Selen project abstract
Relation Extraction applied to articles related to the Immune System
Information extraction methods have been applied to bioinformatics in several different ways, such as gene/protein entity recognition, identifying protein-protein interactions, gene-disease interactions and so on. However, to my knowledge, the interactions between immune system components have not been investigated enough within the information extraction domain.
The most recent work along this line is of Shen-Orr et al.’s where they link 6 cell types and 38 cytokines (signaling proteins that has crucial importance in immune system) by automatically extracting the information from PubMed abstracts. However, they don’t represent further knowledge such as up/down regulation, which I believe has higher importance than just knowing whether a relationship exists.
My goal is to extract information from PubMed abstracts to come up with a directed network that is comprehensive in the sense that it captures pairwise interactions between various immune system components, such as cytokines (Il2, Il4 etc), cells (T cells, B cells, macrophages...). Immune system is highly complex in its behavior, and I believe that such a network will be extremely useful for many biologists, and computer scientists working in bioinformatics.
However there are several problems implicit in this task: A. How to identify components B. How to extract relations between components
If we limit the scope of the problem by explicitly using a dictionary of the components, then the problem reduces to finding out if a relation exists between them, and if so what type of relation exists by which of the components.

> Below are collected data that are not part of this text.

Lemma parallel_arrows_ext1_neq0 b : a != b -> s a = s b -> t a = t b ->
  ~ ext1_zero dual reg.
Proof.
move=> ab sab tab.
case/(ext1_zero_coboundary arrow_cocycle_src arrow_cocycle_tgt arrow_cocycle_rarr
  rarr_arrow_cocycle) => h cobound.
have entry c i j : (rarr dual c *m h) i j = (h *m rarr reg c) i j + arrow_cocycle c i j.
  by rewrite cobound mxE.
have cocycle_b : arrow_cocycle b = 0 by rewrite /arrow_cocycle eq_sym (negbTE ab).
have ix_inr_eq c d : (ix (inr c) == ix (inr d)) = (c == d).
  by rewrite (inj_eq enum_rank_inj) (inj_eq inr_inj).
have h_ta_a : h (ix (inl (t a))) (ix (inr a)) = 0.
  have := entry b (ix (inr b)) (ix (inr a)).
  rewrite unit_arr_mulE mul_unit_arrE cocycle_b mxE !ix_inr_eq eqxx (negbTE ab).
  by rewrite mul1r mulr0 addr0 tab.
have h_a_sa : h (ix (inr a)) (ix (inl (s a))) = 0.
  have := entry b (ix (inr a)) (ix (inr b)).
  rewrite unit_arr_mulE mul_unit_arrE cocycle_b mxE !ix_inr_eq eqxx (negbTE ab).
  by rewrite mul0r mulr1 addr0 sab => /esym.
have := entry a (ix (inr a)) (ix (inr a)).
rewrite unit_arr_mulE mul_unit_arrE /arrow_cocycle !eqxx mxE !eqxx mul1r mulr1.
by rewrite h_ta_a h_a_sa add0r => /eqP; rewrite eq_sym oner_eq0.
Qed.

End ParallelArrows.

Theorem lemma2p2 (k : fieldType) (Q0 Q1 : finType) (s t : Q1 -> Q0)
    (n : nat) (C : rmod k s t -> Prop) :
  quiver_connected s t -> (2 <= n)%N -> n_cluster_tilting n C ->
  forall (v u : Q0) (a b : Q1),
    s a = v -> t a = u -> s b = v -> t b = u -> a = b.
Proof.
move=> _ n_ge2 C_cluster_tilting v u a b <- <- sba tba.
case: (eqVneq a b) => // ab; exfalso.
apply: (parallel_arrows_ext1_neq0 ab (esym sba) (esym tba)).
exact: cluster_tilting_ext1_zero n_ge2 C_cluster_tilting
  (@reg_projective k _ _ s t) (@dual_injective k _ _ s t).
Qed.
Lemma pair_of_mon_sum_max M : M \in g :\: f ->
  {in f :+: g, forall k : 'I_m, (k <= M)%N} -> pair_of (mon_sum f g) = [set f; g].
Proof.
move=> Mgf Mmax; have /setDP [Mg Mf] := Mgf.
have MD : M \in f :+: g by rewrite in_symdiff Mg (negbTE Mf).
have commonE : common_part (mon_sum f g) = f :&: g.
  by apply/setP => i; rewrite inE separated_at_mon_sum.
have symdiffE : symdiff_part (mon_sum f g) = f :+: g.
  rewrite /symdiff_part commonE; apply/setP => i.
  by rewrite !inE periodic_at_mon_sum inE; case: (i \in f); case: (i \in g).
have maxE : max_member (mon_sum f g) = g.
  rewrite /max_member commonE symdiffE; apply/setP => k; rewrite !inE.
  have -> : [exists M' in f :+: g, [forall j in f :+: g, (j <= M')%N] &&
      ((k == M') || linked (mon_sum f g) M' k)] = (k == M) || linked (mon_sum f g) M k.
    apply/exists_inP/idP => [[M' M'D /andP [/forall_inP M'max kM']] | kM]; last first.
      by exists M; rewrite // kM andbT; apply/forall_inP.
    suff <- : M' = M by [].
    by apply/val_inj/eqP; rewrite eqn_leq Mmax // M'max.
  have [-> | kM] := eqVneq k M; first by rewrite Mg (negbTE Mf).
  have [kD | kD] := boolP (k \in f :+: g); first rewrite linked_mon_sum //;
    by move: kD; rewrite in_symdiff; case: (k \in f); case: (k \in g).
by rewrite /pair_of symdiffE maxE symdiffK.
Qed.

End MonSumInvariants.

Lemma pair_of_mon_sum m (f g : {set 'I_m}) : 1 < #|f :\: g| -> 1 < #|g :\: f| ->
  pair_of (mon_sum f g) = [set f; g].
Proof.
move=> fg2 gf2.
have [a af] : exists a, a \in f :+: g.
  have [a /setDP [af ag]] := card_gt0P (ltnW fg2).
  by exists a; rewrite in_symdiff af (negbTE ag).
case: (arg_maxnP val af) => M MD Mmax; have {}MD : M \in f :+: g := MD.
have [Mg | Mg] := boolP (M \in g).
  apply: (pair_of_mon_sum_max fg2 gf2 _ Mmax).
  by rewrite inE Mg andbT; move: MD; rewrite in_symdiff Mg addbT.
rewrite (pair_of_comp (lta_map_id m) (mon_sumC f g)) setUC.
apply: (pair_of_mon_sum_max gf2 fg2 (M := M)); last by rewrite symdiffC.
by rewrite inE Mg; move: MD; rewrite in_symdiff (negbTE Mg) addbF.
Qed.

Theorem proposition2 (m : nat) (I : {set monom m}) (r : nat)
    (f g fs gs : monom m) :
  (1 <= m)%N ->
  decreasing I ->
  r = \max_(u in I) #|u| ->
  f \in I -> g \in I -> fs \in I -> gs \in I ->
  deg f = r -> deg g = r -> deg fs = r -> deg gs = r ->
  [set f; g] != [set fs; gs] ->
  (deg (f :&: g) + 2 = r)%N -> (deg (fs :&: gs) + 2 = r)%N ->
  forall p : Rm m, ~ (orbit_set f g p /\ orbit_set fs gs p).
Proof.
move=> _ _ _ _ _ _ _ df dg dfs dgs /eqP neq dh dhs p [O1 O2]; apply: neq.
have card_setD2 (A B : monom m) : deg A = r -> deg (A :&: B) + 2 = r -> 1 < #|A :\: B|.
  by rewrite /deg cardsD => -> <-; rewrite addKn.
have fg2 := card_setD2 f g df dh; have fsgs2 := card_setD2 fs gs dfs dhs.
have gf2 : 1 < #|g :\: f| by apply: card_setD2; rewrite // setIC.
have gsfs2 : 1 < #|gs :\: fs| by apply: card_setD2; rewrite // setIC.
have [phi1 lta1 E1] := peval_orbit O1; have [phi2 lta2 E2] := peval_orbit O2.
rewrite -(pair_of_mon_sum fg2 gf2) -(pair_of_comp lta1 E1).
by rewrite (pair_of_comp lta2 E2) pair_of_mon_sum.
Qed.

I plan to use one of the following methods to extract relations: SVMs or CRFs. CRFs can be applied to this task to both extract a relation and identify what kind of a relationship it is, (does it upregulate or downregulate). I am planning to use a hierarchical CRF, although I don’t yet know the type of hierarchy implicit in the problem. SVMs can also be used with a clever choice of kernel and feature sets. Although I haven’t figured out exactly what kind of features I will be using, possible feature sets are, proximity to an entity that has digits, dashes, parenthesis or mixed cases, or certain other domain specific features.
Training sets can be obtained from past challenges such as LLL05 challenge. The method will be evaluated based on its f-measure. It will then be applied to PubMed abstracts that has the keywords, immune response, innate/adaptive immunity or other related words and results will be compared to those of Shen-Orr et al.’s.
I might be working with Siddharth in this project.
Shen-Orr SS, Goldberger O, Garten Y, Rosenberg-Hasson Y, Lovelace PA, Hirschberg DL, Altman RB, Davis MM, Butte AJ. Towards a cytokine-cell interaction knowledgebase of the adaptive immune system. Pac Symp Biocomput. 2009; 439–450.